§ **INSTRUCTIONS FOR THE TASK**
Copy the lines below exactly. Start at the first and finish with the line containing "exact: (circ_Ann_sub (LcapV_vsubspace".

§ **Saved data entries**
Lemma circ_pr2L_LcapV : standard k L -> seteq (Ann k (LcapV L)) (pr2L L) ->
  forall W, circ (pr2L L) W -> LcapV L W.
Proof.
move=> Lstd AnnK W /(circ_seteq AnnK W).2 WAnn.
have [[a [f [Ka af]]]|Ann0] := classic (exists a f, Ann k (LcapV L) a /\ a f <> 0).
  exact: (circ_Ann_sub (LcapV_vsubspace subL) k_gt0 Ka af WAnn).
have AnnK0 a f : Ann k (LcapV L) a -> a f = 0.
  by move=> Ka; apply: NNPP => af; apply: Ann0; exists a, f.
have [a LWa] : pr1L L W.
  apply/Lstd => eta [etaF etaE] f; apply: (AnnK0 eta); split=> // Y LY.
  by apply: etaE; exists (@zero_form R n).
rewrite /LcapV; suff <- : a = @zero_form R n by [].
apply: functional_extensionality => f; apply: AnnK0.
by apply/AnnK; exists W.
Qed.

Lemma C2s_C1 : standard k L -> C2s k L -> C1 k L.
Proof.
move=> Lstd [iso AnnK] [Y b]; split=> [/iso //|Ybperp].
have [Z LZb] := (AnnK b).1 (perp_Ann_LcapV Ybperp).
have LYZ : LcapV L (Y - Z).
  apply: circ_pr2L_LcapV => //; apply/(perp_vectorE k L).
  have := perp_sub subL k_gt0 Ybperp (iso _ LZb).
  suff -> : (fun f => b f - b f) = @zero_form R n by [].
  by apply: functional_extensionality => f; rewrite subrr.
by apply: (subspace_addE subL LZb LYZ) => [|f] /=; rewrite ?addr0 // addrC subrK.
Qed.

End Implications.

Definition wedge (R : realType) (n : nat) (i j : 'I_n) : kform R n :=
  fun f => f 0%N 0 i * f 1%N 0 j - f 0%N 0 j * f 1%N 0 i.
Definition args2 (R : realType) (n : nat) (u v : 'rV[R]_n) : nat -> 'rV[R]_n :=
  fun m => if m is 0%N then u else v.
Arguments wedge {R n}.

Section Wedge.
Variables (R : realType) (n : nat).

Lemma is_form_wedge (i j : 'I_n) : is_form 2 (@wedge R n i j).
Proof.
rewrite /wedge; split.
- by move=> f g fg; rewrite !fg.
- by move=> f [|[|//]] c v w _; rewrite /setarg /= !mxE; ring.
- move=> f p q pq q2 fpq; have [p0 q1] : p = 0%N /\ q = 1%N by lia.
  by rewrite p0 q1 in fpq; rewrite fpq; ring.
Qed.

Lemma Ann_wedge (E : 'rV[R]_n -> Prop) (i j : 'I_n) :
  (forall Y, E Y -> Y 0 i = 0 /\ Y 0 j = 0) -> Ann 2 E (wedge i j).
Proof.
move=> Eij; split=> [|Y /Eij[Yi Yj] f]; first exact: is_form_wedge.
by rewrite /ins /wedge /= Yi Yj; ring.
Qed.

Lemma ins_wedge_eq0 (i j : 'I_n) (X : 'rV[R]_n) : i != j ->
  (forall f, ins X (wedge i j) f = 0) -> X 0 i = 0 /\ X 0 j = 0.
Proof.
move=> ij Xij; have := Xij (fun _ => 'e_j); have := Xij (fun _ => 'e_i).
rewrite /ins /wedge /= !mxE !eqxx (negbTE ij) eq_sym (negbTE ij) /=.
by move=> hi hj; split; lra.
Qed.

End Wedge.

Lemma standardI (R : realType) (n k : nat) (L : eset R n) :
  (forall X, circ (Ann k (pr1L L)) X -> pr1L L X) -> standard k L.
Proof. by move=> AnnE X; split=> [/AnnE|EX eta [_ etaE]]; last exact: etaE. Qed.

Section NotC1.
Variable R : realType.
Let i0 : 'I_3 := @Ordinal 3 0 isT.
Let i1 : 'I_3 := @Ordinal 3 1 isT.
Let i2 : 'I_3 := @Ordinal 3 2 isT.

Definition L_notC1 : eset R 3 := fun p =>
  p.1 = 0 /\ exists a b, forall f, p.2 f = a * wedge i0 i1 f + b * wedge i0 i2 f.

Lemma L_notC1_form p : L_notC1 p -> is_form 2 p.2.
Proof.
case=> _ [a [b pab]]; apply: is_form_eq (fun f => esym (pab f)).
by apply: is_formD; apply: is_formZ; apply: is_form_wedge.
Qed.

Lemma L_notC1_0 a b eta : (forall f, eta f = a * wedge i0 i1 f + b * wedge i0 i2 f) ->
  L_notC1 (0, eta).
Proof. by split=> //; exists a, b. Qed.

Lemma L_notC1_zero : L_notC1 (0, @zero_form R 3).
Proof. by apply: (L_notC1_0 (a := 0) (b := 0)) => f; rewrite /zero_form; ring. Qed.

Lemma L_notC1_pr1 X : pr1L L_notC1 X <-> X = 0.
Proof. by split=> [[a []] //|->]; exists (@zero_form R 3); exact: L_notC1_zero. Qed.

Lemma ins_wedge_row3_eq0 (X : 'rV[R]_3) : (forall f, ins X (wedge i0 i1) f = 0) ->
  (forall f, ins X (wedge i0 i2) f = 0) -> X = 0.
Proof.
move=> X01 X02; have [X0 X1] := ins_wedge_eq0 (isT : i0 != i1) X01.
have [_ X2] := ins_wedge_eq0 (isT : i0 != i2) X02.
apply/rowP=> -[[|[|[|//]]] i3]; rewrite mxE; [rewrite -X0 | rewrite -X1 | rewrite -X2];
  by congr (X 0 _); apply: val_inj.
Qed.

§ **RESULT**
Lemma circ_pr2L_LcapV : standard k L -> seteq (Ann k (LcapV L)) (pr2L L) ->
  forall W, circ (pr2L L) W -> LcapV L W.
Proof.
move=> Lstd AnnK W /(circ_seteq AnnK W).2 WAnn.
have [[a [f [Ka af]]]|Ann0] := classic (exists a f, Ann k (LcapV L) a /\ a f <> 0).
  exact: (circ_Ann_sub (LcapV_vsubspace subL) k_gt0 Ka af WAnn).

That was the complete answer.